Menurut al Qur’an,
peran manusia sebenarnya adalah sangat mulia, yaitu sebagai khalifah di
muka bumi. Kita mesti membayangkan bahwa peran seorang khalifah adalah sebagai
pengatur, pemimpin, pengelola atau manajer. Peran itu bukan sembarangan, dan
tidak diberikan ke sembarang makhluknya, kecuali kepada manusia.
Sebagai bekal menjalankan peran itu manusia dilengkapi
dengan piranti lebih dibanding makhluk lainnya. Manusia dilengkapi dengan
akal, qalb, nafsu, selain juga
bentuk tubuh yang sedemikian indah.
Berbekalkan akalnya, manusia
diharapkan bisa berpikir jernih, mampu melihat dan memahami dirinya sendiri,
dan alam semesta.
Selain itu dengan hatinya, maka manusia diharapkan bisa
membedakan antara yang baik dan yang buruk, sesuatu yang benar dan yang
salah, tentang keindahan, kejujuran,
keadilan, kearifan, dan lain-lain. Orang yang hatinya baik, maka akan
mampu memilih sesuatu yang baik dan indah. Begitu sebaliknya, orang yang
hatinya sedang sakit, maka apa saja dianggap buruk. Itulah sebabnya hati
diumpamakan sebagai kaca. Kaca yang buruk akan memantulkan gambar yang tidak
jelas..
Manusia juga dikaruniai nafsu atau keinginan, baik nafsu
berbuat negatif maupun nafsu berbuat
positif. Dua jenis nafsu itu ada pada diri semua orang. Dikatakan bahwa, setiap orang harus mampu mengendalikan nafsu
yang ada pada dirinya. Orang yang tidak mampu mengendalikan nafsu negatif, maka
yang bersangkutan akan kehilangan sifat-sifat kemanusiaannya.
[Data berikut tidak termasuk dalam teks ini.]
(* Let $K\ge 2$ and $0\le e_1\le\dots\le e_K<\infty$. For nonempty $I\subseteq\{1,\dots,K\}$ write $A(I):=\frac1{|I|}\sum_{i\in I}e_i$. For nonempty $R\subseteq\{1,\dots,K\}$ and $j\in\{1,\dots,|R|\}$ let \[ \mathrm{AV}^R(j):=\min_{I\subseteq\{1,\dots,K\}:\ |R\setminus I|<j}A(I), \] and let $R_j$ denote $R$ with its $j-1$ largest elements removed. Then \[ \mathrm{AV}^R(j)=\min_{0\le i\le K}A\bigl(R_j\cup\{1,\dots,i\}\bigr), \] where $\{1,\dots,0\}:=\emptyset$. In particular, for $r\in\{1,\dots,K\}$, $R=\{K-r+1,\dots,K\}$ and $j\in\{1,\dots,r\}$, \[ \mathrm{AV}^{R}(j)=\min_{0\le i\le K-r}\frac{s_i+\sigma_j}{i+r-j+1},\qquad s_i:=e_1+\dots+e_i,\ \ \sigma_j:=e_{K-r+1}+\dots+e_{K-j+1}. \]
   Context: Here ''the largest elements'' of $R$ are its largest indices, which correspond to the largest values since $e_1\le\dots\le e_K$; $s_0:=0$. *)

(* Indices {1,...,K} of the paper are represented 0-based by 'I_K:
   the ordinal k : 'I_K stands for the paper's index k+1. *)
From HB Require Import structures.
From mathcomp Require Import all_boot all_order all_algebra.
Set Implicit Arguments. Unset Strict Implicit. Unset Printing Implicit Defensive.
Import Order.TTheory GRing.Theory Num.Theory.
Local Open Scope ring_scope.

Definition avg (R : realFieldType) (K : nat) (e : 'I_K -> R) (I : {set 'I_K}) : R :=
  (\sum_(i in I) e i) / (#|I|%:R).

(* AV^Rs(j) = min over I with |Rs \ I| < j of A(I).  The seed A(setT) is itself
   a member of the family (|Rs \ setT| = 0 < j for j >= 1), so this fold is the minimum. *)
Definition AV (R : realFieldType) (K : nat) (e : 'I_K -> R) (Rs : {set 'I_K}) (j : nat) : R :=
  \big[Num.min/avg e setT]_(I : {set 'I_K} | (#|Rs :\: I| < j)%N) avg e I.

(* Rs_j : Rs with its j-1 largest elements removed: x is kept iff at least j-1
   elements of Rs are strictly larger than x. *)
Definition Rj (K : nat) (Rs : {set 'I_K}) (j : nat) : {set 'I_K} :=
  [set x in Rs | (j.-1 <= #|[set y in Rs | x < y]|)%N].

Definition init_seg (K : nat) (i : nat) : {set 'I_K} := [set k : 'I_K | (k < i)%N].

Definition AV_formula (R : realFieldType) (K : nat) (e : 'I_K -> R) (Rs : {set 'I_K}) (j : nat) : R :=
  \big[Num.min/avg e (Rj Rs j)]_(i < K.+1) avg e (Rj Rs j :|: init_seg K i).

Definition s_ (R : realFieldType) (K : nat) (e : 'I_K -> R) (i : nat) : R :=
  \sum_(k : 'I_K | (k < i)%N) e k.

Definition sigma_ (R : realFieldType) (K : nat) (e : 'I_K -> R) (r j : nat) : R :=
  \sum_(k : 'I_K | (K - r <= k <= K - j)%N) e k.

Definition top_set (K r : nat) : {set 'I_K} := [set k : 'I_K | (K - r <= k)%N].

Definition AV_top_formula (R : realFieldType) (K : nat) (e : 'I_K -> R) (r j : nat) : R :=
  \big[Num.min/(s_ e 0 + sigma_ e r j) / ((r - j + 1)%N%:R)]_(i < (K - r).+1)
     ((s_ e i + sigma_ e r j) / ((i + r - j + 1)%N%:R)).

From HB Require Import structures.
From mathcomp Require Import all_boot all_order all_algebra.
From mathcomp Require Import zify.
Import Order.TTheory GRing.Theory Num.Theory.
Local Open Scope ring_scope.

(** Since [e] is nonnegative and nondecreasing, Abel summation writes
    [sum_(x in S) e_x] as a nonnegative combination of the tail counts
    [|S ∩ [t, K]|]; so of two sets of equal size, the one with pointwise
    smaller tail counts has the smaller average.  If [|R \ I| < j], the largest
    element of [R_j ∩ [t, K]] has at least [j - 1] larger elements in [R],
    while at most [j - 1] elements of [R ∩ [t, K]] lie outside [I]; hence every
    tail count of [R_j] is at most that of [I].  Padding [R_j] from below with
    [{1, ..., i}] up to the size of [I] preserves this, so
    [A(I) >= A(R_j ∪ {1, ..., i})]; conversely every [R_j ∪ {1, ..., i}] is
    itself admissible.  For [R = {K-r+1, ..., K}] we get
    [R_j = {K-r+1, ..., K-j+1}], disjoint from [{1, ..., i}] when [i <= K-r];
    larger [i] only add elements above all others, which cannot lower the
    average. *)

Definition final_seg (K t : nat) : {set 'I_K} := [set k : 'I_K | (t <= k)%N].

Definition tail_le {K : nat} (J I : {set 'I_K}) : Prop :=
  forall t, (#|J :&: final_seg K t| <= #|I :&: final_seg K t|)%N.

Lemma cardsU_disjoint (T : finType) (A B : {set T}) :
  [disjoint A & B] -> #|A :|: B| = (#|A| + #|B|)%N.
Proof. by move=> dAB; apply/eqP; rewrite (leq_card_setU A B).2. Qed.

Section Segments.

Set Implicit Arguments. Unset Strict Implicit.

Variable K : nat.

Lemma init_seg0 : init_seg K 0 = set0.
Proof. by apply/setP => k; rewrite !inE. Qed.

Lemma init_segT : init_seg K K = setT.
Proof. by apply/setP => k; rewrite !inE ltn_ord. Qed.

Lemma final_seg0 : final_seg K 0 = setT.
Proof. by apply/setP => k; rewrite !inE. Qed.

Lemma subset_init_seg m n : (m <= n)%N -> init_seg K m \subset init_seg K n.
Proof. by move=> le_mn; apply/subsetP => k; rewrite !inE => /leq_trans; apply. Qed.

Lemma card_init_seg i : (i <= K)%N -> #|init_seg K i| = i.
Proof.
elim: i => [|i IHi] lt_iK; first by rewrite init_seg0 cards0.
have -> : init_seg K i.+1 = Ordinal lt_iK |: init_seg K i.
  by apply/setP => k; rewrite !inE ltnS leq_eqVlt -val_eqE.
by rewrite cardsU1 IHi ?(ltnW lt_iK) // inE ltnn.
Qed.

Lemma card_final_seg t : (t <= K)%N -> #|final_seg K t| = (K - t)%N.
Proof.
move=> le_tK; have -> : final_seg K t = ~: init_seg K t.
  by apply/setP => k; rewrite !inE -leqNgt.
by rewrite cardsCs setCK card_init_seg // card_ord.
Qed.

Lemma card_setU_init_segS (A : {set 'I_K}) i :
  (#|A :|: init_seg K i.+1| <= #|A :|: init_seg K i|.+1)%N.
Proof.
have -> : A :|: init_seg K i.+1 = (A :|: init_seg K i) :|: [set k : 'I_K | k == i :> nat].
  by apply/setP => k; rewrite !inE ltnS leq_eqVlt orbA orbAC.
apply: leq_trans (leq_card_setU _ _) _; rewrite -addn1 leq_add2l.
by apply/card_le1_eqP => x y; rewrite !inE => /eqP x_i /eqP y_i; apply: val_inj; rewrite /= x_i y_i.
Qed.

(* A discrete intermediate value argument: [#|A :|: init_seg K i|] grows by
   steps of at most one, from [#|A|] to [K]. *)
Lemma pad_init_seg (A I : {set 'I_K}) :
  (#|A| <= #|I|)%N -> exists2 i, (i <= K)%N & #|A :|: init_seg K i| = #|I|.
Proof.
move=> le_AI.
have : exists i, (#|I| <= #|A :|: init_seg K i|)%N.
  by exists K; rewrite init_segT setUT cardsT max_card.
case/ex_minnP => i fills min_i; exists i.
  by apply: min_i; rewrite init_segT setUT cardsT max_card.
apply/eqP; rewrite eqn_leq fills andbT.
case: i fills min_i => [|i] _ min_i; first by rewrite init_seg0 setU0.
have : ~~ (#|I| <= #|A :|: init_seg K i|)%N by apply/negP => /min_i; rewrite ltnn.
by rewrite -ltnNge; have := card_setU_init_segS A i; lia.
Qed.

Lemma tail_le_card (J I : {set 'I_K}) : tail_le J I -> (#|J| <= #|I|)%N.
Proof. by move=> /(_ 0%N); rewrite final_seg0 !setIT. Qed.

Lemma tail_le_pad (A I : {set 'I_K}) i : tail_le A I ->
  #|A :|: init_seg K i| = #|I| -> tail_le (A :|: init_seg K i) I.
Proof.
move=> dom card_eq t; have [le_it|lt_ti] := leqP i t.
  rewrite setIUl (_ : init_seg K i :&: final_seg K t = set0) ?setU0; first exact: dom.
  by apply/setP => k; rewrite !inE; apply/negP => /andP[]; lia.
have low_I : (#|I :\: final_seg K t| <= #|(A :|: init_seg K i) :\: final_seg K t|)%N.
  apply: subset_leq_card; apply/subsetP => k; rewrite !inE => /andP[k_lt_t _].
  by rewrite k_lt_t /=; apply/orP; right; lia.
have := cardsID (final_seg K t) I; have := cardsID (final_seg K t) (A :|: init_seg K i).
by rewrite card_eq; lia.
Qed.

Lemma card_setD_Rj (Rs : {set 'I_K}) j : (0 < j)%N -> (#|Rs :\: Rj Rs j| < j)%N.
Proof.
move=> j_gt0; have [->|[x0 x0D]] := set_0Vmem (Rs :\: Rj Rs j); first by rewrite cards0.
case: (arg_minnP (fun x : 'I_K => val x) x0D) => x xD x_min.
have /andP[xNRj xRs] : (x \notin Rj Rs j) && (x \in Rs) by rewrite -in_setD.
have D1_above : (Rs :\: Rj Rs j) :\ x \subset [set y in Rs | (x < y)%N].
  apply/subsetP => y; rewrite in_setD1 => /andP[y_neq_x yD].
  move: (yD); rewrite in_setD => /andP[_ yRs].
  by rewrite inE yRs ltn_neqAle (x_min y yD) andbT val_eqE eq_sym.
rewrite ltnNge; apply/negP => many; apply: (negP xNRj).
rewrite inE xRs /=; apply: leq_trans (subset_leq_card D1_above).
by move: many; rewrite (cardsD1 x) in_setD xNRj xRs -subn1 leq_subLR.
Qed.

Lemma Rj_tail_le (Rs I : {set 'I_K}) j : (#|Rs :\: I| < j)%N -> tail_le (Rj Rs j) I.
Proof.
move=> small_diff t.
have [->|[x0 x0A]] := set_0Vmem (Rj Rs j :&: final_seg K t); first by rewrite cards0.
case: (arg_maxnP (fun x : 'I_K => val x) x0A) => x xA x_max.
have /setIP[xRj t_le_x] : x \in Rj Rs j :&: final_seg K t := xA.
move: xRj t_le_x; rewrite !inE => /andP[xRs many_above] t_le_x.
set A := Rj Rs j :&: final_seg K t in x_max *.
have {}x_max y : y \in A -> (y <= x)%N := x_max y.
set G := [set y in Rs | (x < y)%N] in many_above.
have card_AG : #|A :|: G| = (#|A| + #|G|)%N.
  apply: cardsU_disjoint; rewrite disjoint_subset; apply/subsetP => y yA.
  by rewrite !inE; apply/negP => /andP[_]; have := x_max y yA; lia.
have AG_sub : A :|: G \subset Rs :&: final_seg K t.
  apply/subsetP => y; rewrite /A /G !inE.
  by case/orP => [/andP[/andP[-> _] ->] // | /andP[-> x_lt_y]] /=; lia.
have split_I : (#|Rs :&: final_seg K t| <= #|I :&: final_seg K t| + #|Rs :\: I|)%N.
  apply: leq_trans (leq_card_setU _ _); apply: subset_leq_card.
  by apply/subsetP => y; rewrite !inE; case/andP => -> ->; case: (y \in I).
by have := subset_leq_card AG_sub; rewrite card_AG; lia.
Qed.

Lemma Rj_top_set r j : (r <= K)%N -> (0 < j <= r)%N ->
  Rj (top_set K r) j = init_seg K (K - j).+1 :\: init_seg K (K - r).
Proof.
move=> le_rK /andP[j_gt0 le_jr]; apply/setP => x.
rewrite /Rj !inE -leqNgt ltnS.
have [le_x|] //= := leqP (K - r) x.
have -> : [set y in top_set K r | (x < y)%N] = final_seg K x.+1.
  by apply/setP => y; rewrite !inE andb_idl //; lia.
by rewrite card_final_seg // -subn1; have := ltn_ord x; lia.
Qed.

Lemma card_Rj_top r j : (r <= K)%N -> (0 < j <= r)%N ->
  #|Rj (top_set K r) j| = (r - j + 1)%N.
Proof.
move=> le_rK /andP[j_gt0 le_jr]; rewrite Rj_top_set ?j_gt0 // cardsDS.
  by rewrite !card_init_seg; lia.
by apply: subset_init_seg; lia.
Qed.

End Segments.

Section Averages.

Set Implicit Arguments. Unset Strict Implicit.

Variables (R : realFieldType) (K : nat) (e : 'I_K -> R).
Hypothesis e_ge0 : forall i, 0 <= e i.
Hypothesis e_mono : forall i k : 'I_K, (i <= k)%N -> e i <= e k.

Definition incr (t : 'I_K) : R :=
  if t is Ordinal m.+1 lt_mK then e t - e (Ordinal (ltnW lt_mK)) else e t.

Lemma incr_ge0 t : 0 <= incr t.
Proof.
case: t => [[|m] lt_mK] /=; first exact: e_ge0.
by rewrite subr_ge0; apply: e_mono => /=.
Qed.

Lemma sum_incr (x : 'I_K) : \sum_(t : 'I_K | (t <= x)%N) incr t = e x.
Proof.
case: x => m; elim: m => [|m IHm] lt_mK.
  by rewrite (big_pred1 (Ordinal lt_mK)) // => t /=; rewrite leqn0 -val_eqE.
rewrite (bigD1 (Ordinal lt_mK)) //= (eq_bigl (fun t : 'I_K => (t <= m)%N)).
  by rewrite (IHm (ltnW lt_mK)) subrK.
by move=> t; rewrite -val_eqE /= andbC -ltn_neqAle.
Qed.

Lemma sum_tail_counts (S : {set 'I_K}) :
  \sum_(x in S) e x = \sum_(t : 'I_K) incr t * #|S :&: final_seg K t|%:R.
Proof.
under eq_bigr => x _ do rewrite -sum_incr.
rewrite (exchange_big_dep xpredT) //; apply: eq_bigr => t _.
rewrite (eq_bigl (mem (S :&: final_seg K t))) ?sumr_const ?mulr_natr // => x.
by rewrite !inE.
Qed.

Lemma ler_sum_tail_le (J I : {set 'I_K}) :
  tail_le J I -> \sum_(x in J) e x <= \sum_(x in I) e x.
Proof.
move=> dom; rewrite !sum_tail_counts; apply: ler_sum => t _.
by rewrite ler_wpM2l ?incr_ge0 ?ler_nat.
Qed.

Lemma avg_le_tail (J I : {set 'I_K}) :
  #|J| = #|I| -> tail_le J I -> avg e J <= avg e I.
Proof.
move=> card_eq dom; rewrite /avg card_eq ler_wpM2r ?invr_ge0 ?ler0n //.
exact: ler_sum_tail_le.
Qed.

Lemma avg_le_extend (A B : {set 'I_K}) : A \subset B ->
  {in A & B :\: A, forall x y : 'I_K, (x <= y)%N} -> avg e A <= avg e B.
Proof.
move=> sAB below.
have [A0|A_gt0] := posnP #|A|.
  by rewrite /avg A0 invr0 mulr0 divr_ge0 ?ler0n ?sumr_ge0.
have sumB : \sum_(x in B) e x = \sum_(x in A) e x + \sum_(x in B :\: A) e x.
  by rewrite (big_setID A) (setIidPr sAB).
have cardB : #|B| = (#|A| + #|B :\: A|)%N by rewrite -(cardsID A B) (setIidPr sAB).
have cross : #|B :\: A|%:R * \sum_(x in A) e x <= #|A|%:R * \sum_(y in B :\: A) e y.
  have -> : #|B :\: A|%:R * \sum_(x in A) e x = \sum_(y in B :\: A) \sum_(x in A) e x.
    by rewrite sumr_const mulr_natl.
  have -> : #|A|%:R * \sum_(y in B :\: A) e y = \sum_(y in B :\: A) \sum_(x in A) e y.
    by rewrite mulr_natl -sumrMnl; apply: eq_bigr => y _; rewrite sumr_const.
  by apply: ler_sum => y yD; apply: ler_sum => x xA; apply: e_mono; apply: below.
have card_gt0 : 0 < #|A|%:R + #|B :\: A|%:R :> R by rewrite -natrD ltr0n addn_gt0 A_gt0.
rewrite /avg sumB cardB natrD ler_pdivrMr ?ltr0n // mulrAC ler_pdivlMr //.
by rewrite mulrDr mulrDl lerD2l mulrC [X in _ <= X]mulrC.
Qed.

Lemma AV_formula_le_avg (Rs I : {set 'I_K}) j :
  (#|Rs :\: I| < j)%N -> AV_formula e Rs j <= avg e I.
Proof.
move=> feasible; have dom := Rj_tail_le feasible.
have [i le_iK card_pad] := pad_init_seg (tail_le_card dom).
apply: le_trans (avg_le_tail card_pad (tail_le_pad dom card_pad)).
exact: (bigmin_le _ (Ordinal (le_iK : (i < K.+1)%N))).
Qed.

Lemma AV_eq_formula (Rs : {set 'I_K}) j : (0 < j)%N -> AV e Rs j = AV_formula e Rs j.
Proof.
move=> j_gt0; apply/le_anti/andP; split.
  apply: le_bigmin => [|i _]; apply: bigmin_le_cond; first exact: card_setD_Rj.
  apply: leq_ltn_trans (card_setD_Rj Rs j_gt0); apply/subset_leq_card/setDS.
  exact: subsetUl.
apply: le_bigmin => [|I]; last exact: AV_formula_le_avg.
by apply: AV_formula_le_avg; rewrite setDT cards0.
Qed.

Lemma avg_top_pad r j i : (r <= K)%N -> (0 < j <= r)%N -> (i <= K - r)%N ->
  avg e (Rj (top_set K r) j :|: init_seg K i) =
  (s_ e i + sigma_ e r j) / (i + r - j + 1)%:R.
Proof.
move=> le_rK rj le_i; have /andP[j_gt0 le_jr] := rj.
have disj : [disjoint Rj (top_set K r) j & init_seg K i].
  by rewrite Rj_top_set // disjoint_subset; apply/subsetP => k; rewrite !inE; lia.
rewrite /avg cardsU_disjoint // card_Rj_top // card_init_seg; last by lia.
rewrite (eq_bigl [predU Rj (top_set K r) j & init_seg K i]); last by move=> k; rewrite inE.
rewrite bigU // addrC; congr ((_ + _) / _%:R).
- by rewrite /sigma_ Rj_top_set //; apply: eq_bigl => k; rewrite !inE -leqNgt ltnS.
- by rewrite /s_; apply: eq_bigl => k; rewrite inE.
- lia.
Qed.

Lemma avg_top_pad_mono r j i : (r <= K)%N -> (0 < j <= r)%N -> (K - r <= i)%N ->
  avg e (Rj (top_set K r) j :|: init_seg K (K - r)) <=
  avg e (Rj (top_set K r) j :|: init_seg K i).
Proof.
move=> le_rK rj le_i; apply: avg_le_extend; first exact/setUS/subset_init_seg.
by move=> x y; rewrite Rj_top_set // !inE; case/andP: rj; lia.
Qed.

Lemma AV_top_eq r j : (1 <= r <= K)%N -> (1 <= j <= r)%N ->
  AV e (top_set K r) j = AV_top_formula e r j.
Proof.
move=> /andP[_ le_rK] rj; rewrite AV_eq_formula; last by case/andP: rj.
have pad0 : avg e (Rj (top_set K r) j) = (s_ e 0 + sigma_ e r j) / (r - j + 1)%:R.
  by rewrite -[X in avg e X]setU0 -(init_seg0 K) avg_top_pad.
apply/le_anti/andP; split.
  apply: le_bigmin => [|i _]; first by rewrite -pad0 bigmin_le_id.
  have lt_iK : (i < K.+1)%N by have := ltn_ord i; lia.
  by rewrite -avg_top_pad //; [apply: (bigmin_le _ (Ordinal lt_iK)) | have := ltn_ord i; lia].
apply: le_bigmin => [|i _]; first by rewrite pad0 bigmin_le_id.
have [le_i|lt_i] := leqP i (K - r).
  by rewrite avg_top_pad //; apply: (bigmin_le _ (Ordinal (le_i : (i < (K - r).+1)%N))).
apply: le_trans (avg_top_pad_mono le_rK rj (ltnW lt_i)).
by rewrite avg_top_pad //; apply: (bigmin_le _ ord_max).
Qed.

End Averages.

Theorem mainTheorem4 (R : realFieldType) (K : nat) (e : 'I_K -> R)
  (hK : (2 <= K)%N)
  (he0 : forall i, 0 <= e i)
  (hmono : forall i k : 'I_K, (i <= k)%N -> e i <= e k) :
  (forall (Rs : {set 'I_K}) (j : nat),
      Rs != set0 -> (1 <= j <= #|Rs|)%N ->
      AV e Rs j = AV_formula e Rs j) /\
  (forall r j : nat, (1 <= r <= K)%N -> (1 <= j <= r)%N ->
      AV e (top_set K r) j = AV_top_formula e r j).
Proof.
split; first by move=> Rs j _ /andP[j_gt0 _]; exact: AV_eq_formula.
by move=> r j; exact: AV_top_eq.
Qed.
Theorem proposition8 (R : realType) (r : R) (K N : nat) :
  1 < r -> (1 <= N)%N -> (2 < K)%N ->
  let c := (r ^+ N - (r - 1) ^+ N) / r ^+ N.-1 in
  gamma1 r K N / (c + gamma1 r K N) <= eta_sup r K N /\
  eta_sup r K N <= gamma2 r N / (c + gamma2 r N).
Proof.
move=> r_gt1 N_gt0 K_gt2 c.
rewrite /c -geosum_one_sub_inv ?gt_eqF ?(lt_trans ltr01 r_gt1) //.
set x0 := equal_revenue_value r K; set p0 := equal_revenue_prob r K.
set E := [set e | exists x p : nat -> R, admissible r K x p /\ e = ELR K N x p]%classic.
set upper := gamma2 r N / (geosum N (1 - r^-1) + gamma2 r N).
have E_ub : ubound E upper by move=> _ [x [p [adm ->]]]; exact: ELR_le_gamma2.
have E_x0p0 : E (ELR K N x0 p0).
  by exists x0, p0; split => //; exact: admissible_equal_revenue.
split; last by apply: ge_sup E_ub; exists (ELR K N x0 p0).
apply: le_trans (ELR_equal_revenue_ge _ _ _ _ r_gt1 K_gt2 N_gt0) _.
by apply: ub_le_sup E_x0p0; exists upper.
Qed.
Tidak semua orang mampu mengendalikan nafsunya. Sekalipun
seseorang tahu misalnya, bahwa sesuatu perbuatan adalah jelek dan merugikan
dirinya sendiri, tetapi toh kegiatannya itu dilakukannya. Mereka
tahu bahwa meminum narkoba adalah merusak dirinya sendiri, tetapi tidak
semua orang mampu menghindar dari perbuatan itu. Korupsi adalah dilarang dan
pelakunya akan dipenjara, tetapi masih saja dijalani dan akhirnya benar-benar
yang bersangkutan masuk bui.
Nafsu itu tidak selalu buruk dan merugikan. Masih terdapat
pada diri manusia nafsu untuk berbuat
baik. Seseorang yang menjadi senang tatkala
melihat orang lain bergembira, beruntung, selamat, dan sejahtera adalah bertanda bahwa yang
bersangkutan memiliki nafsu baik. Demikian pula
orang yang sehari-hari menegakkan keadilan, kejujuran, dan mengajak
kepada kebaikan. Sebagai khalifah, maka seseorang seharusnya selalu memelihara
nafsu untuk berbuat kebaikan itu.
Berbekalkan akal, hati,
dan nafsu saja ternyata,
manusia tidak akan mampu mengemban
amanah sebagai khalifah. Bekal tersebut
harus disempurnakan dengan
petunjuk lainnya, ialah ajaran yang bersumber dari al Qur’an dan Hadits
Nabi. Orang yang hanya menggunakan akal
dan hatinya semata tidak akan cukup,
bahkan sekedar menjadi khalifah
terhadap dirinya sendiri, apalagi
menjadi khalifah terhadap orang lain
atau lebih-lebih terhadap alam
lingkungannya.
Peran kekhalifahan akan bisa dijalankan secara baik manakala
semua jenis bekal yang dikaruniakan oleh Tuhan dimanfaatkan sebaik-baiknya,
yaitu akal, qalb, nafsu, dan juga ajaran yang bersumber dari kitab suci dan
tauladan dari nabi-Nya. Bahkan selain
itu semua, siapapun masih harus selalu memohon kepada Allah, agar dikaruniai kekuatan dan hidayah untuk menjalankan amanah itu. Peran sebagai khalifah memang mulia,
tetapi siapapun tidak
mudah menjalankannya. Wallahu a’lam.